____ Excerpted data

(* Let $F:\mathbb{R}^N\times\mathbb{R}\times\mathbb{R}^N\times S^N\to\mathbb{R}$ be continuous and uniformly elliptic: there are $0<\lambda\le\Lambda$ with $\lambda\,\mathrm{tr}(Q)\le F(x,t,p,X)-F(x,t,p,X+Q)\le\Lambda\,\mathrm{tr}(Q)$ for all $x,p,t,X$ and all $Q\in S^N$, $Q\ge0$. Let $A$ be a metric space and $b:\mathbb{R}^N\times A\to\mathbb{R}^N$, $c:\mathbb{R}^N\times A\to\mathbb{R}$ continuous, such that for every $R>0$ there is $K_R$ with $\sup_{|x|\le R,\alpha}(|b|+|c|)\le K_R$ and $|b(x,\alpha)-b(y,\alpha)|\le K_R|x-y|$ for $|x|,|y|\le R$; $c\ge0$ and $c$ continuous in $x$ uniformly in $|x|\le R,\alpha$; and for some $R_o>0$, $\sup_\alpha(b(x,\alpha)\cdot x-c(x,\alpha)|x|^2\log|x|)\le\lambda-(N-1)\Lambda$ for $|x|\ge R_o$. Assume $F(x,t,p,0)\le\sup_{\alpha\in A}\{c(x,\alpha)t-b(x,\alpha)\cdot p\}$ for all $x,t,p$. Let $v\in LSC(\mathbb{R}^N)$ be a viscosity supersolution of $F(x,v,Dv,D^2v)=0$ in $\mathbb{R}^N$ with $\liminf_{|x|\to\infty}v(x)/\log|x|\ge0$. If either $c\equiv0$ or $v\le0$, then $v$ is constant.
   Context: $S^N$ is the space of real symmetric $N\times N$ matrices. *)

From HB Require Import structures.
From mathcomp Require Import all_boot all_order all_algebra.
From mathcomp Require Import all_classical all_reals all_analysis.
Set Implicit Arguments. Unset Strict Implicit. Unset Printing Implicit Defensive.
Import Order.TTheory GRing.Theory Num.Theory.
Import numFieldNormedType.Exports.
Local Open Scope classical_set_scope.
Local Open Scope ring_scope.

Section Defs.
Variables (R : realType) (N : nat).

Definition dotv (p x : 'rV[R]_N) : R := \sum_(i < N) p 0 i * x 0 i.
Definition enorm (x : 'rV[R]_N) : R := Num.sqrt (dotv x x).

Definition ebasis (i : 'I_N) : 'rV[R]_N := delta_mx 0 i.

Definition symmx (X : 'M[R]_N) : Prop := X^T = X.
Definition psdmx (Q : 'M[R]_N) : Prop := forall u : 'rV[R]_N, 0 <= (u *m Q *m u^T) 0 0.

(* C^2 functions on R^N: all first and second partial derivatives exist
   everywhere and are continuous (which is the classical C^2). *)
Definition C2 (phi : 'rV[R]_N -> R) : Prop :=
  continuous phi /\
  (forall i x, derivable phi x (ebasis i)) /\
  (forall i, continuous (fun y => 'D_(ebasis i) phi y)) /\
  (forall i j x, derivable (fun y => 'D_(ebasis i) phi y) x (ebasis j)) /\
  (forall i j, continuous (fun y => 'D_(ebasis j) (fun z => 'D_(ebasis i) phi z) y)).

Definition gradient (phi : 'rV[R]_N -> R) (x : 'rV[R]_N) : 'rV[R]_N :=
  \row_i 'D_(ebasis i) phi x.
Definition hessian (phi : 'rV[R]_N -> R) (x : 'rV[R]_N) : 'M[R]_N :=
  \matrix_(i, j) 'D_(ebasis j) (fun z => 'D_(ebasis i) phi z) x.

Definition lsc (v : 'rV[R]_N -> R) : Prop :=
  forall x (e : R), 0 < e -> \forall y \near x, v x - e < v y.

Definition local_min (f : 'rV[R]_N -> R) (x0 : 'rV[R]_N) : Prop :=
  \forall y \near x0, f x0 <= f y.

Definition visc_supersol
  (F : 'rV[R]_N -> R -> 'rV[R]_N -> 'M[R]_N -> R) (v : 'rV[R]_N -> R) : Prop :=
  lsc v /\
  forall (phi : 'rV[R]_N -> R) (x0 : 'rV[R]_N),
    C2 phi -> local_min (fun y => v y - phi y) x0 ->
    0 <= F x0 (v x0) (gradient phi x0) (hessian phi x0).

End Defs.

From HB Require Import structures.
From mathcomp Require Import all_boot all_order all_algebra.
From mathcomp Require Import all_classical all_reals all_analysis.
From mathcomp Require Import ring lra.
Import Order.TTheory GRing.Theory Num.Theory.
Import numFieldNormedType.Exports.
Local Open Scope classical_set_scope.
Local Open Scope ring_scope.
Set Implicit Arguments. Unset Strict Implicit. Unset Printing Implicit Defensive.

________

**Instructions to follow:** From the line containing "From mathcomp Require Import ring lra." to the final line of the data, repeat each line exactly. Include both ends.

**Answer below:**
From mathcomp Require Import ring lra.
Import Order.TTheory GRing.Theory Num.Theory.
Import numFieldNormedType.Exports.
Local Open Scope classical_set_scope.
Local Open Scope ring_scope.
Set Implicit Arguments. Unset Strict Implicit. Unset Printing Implicit Defensive.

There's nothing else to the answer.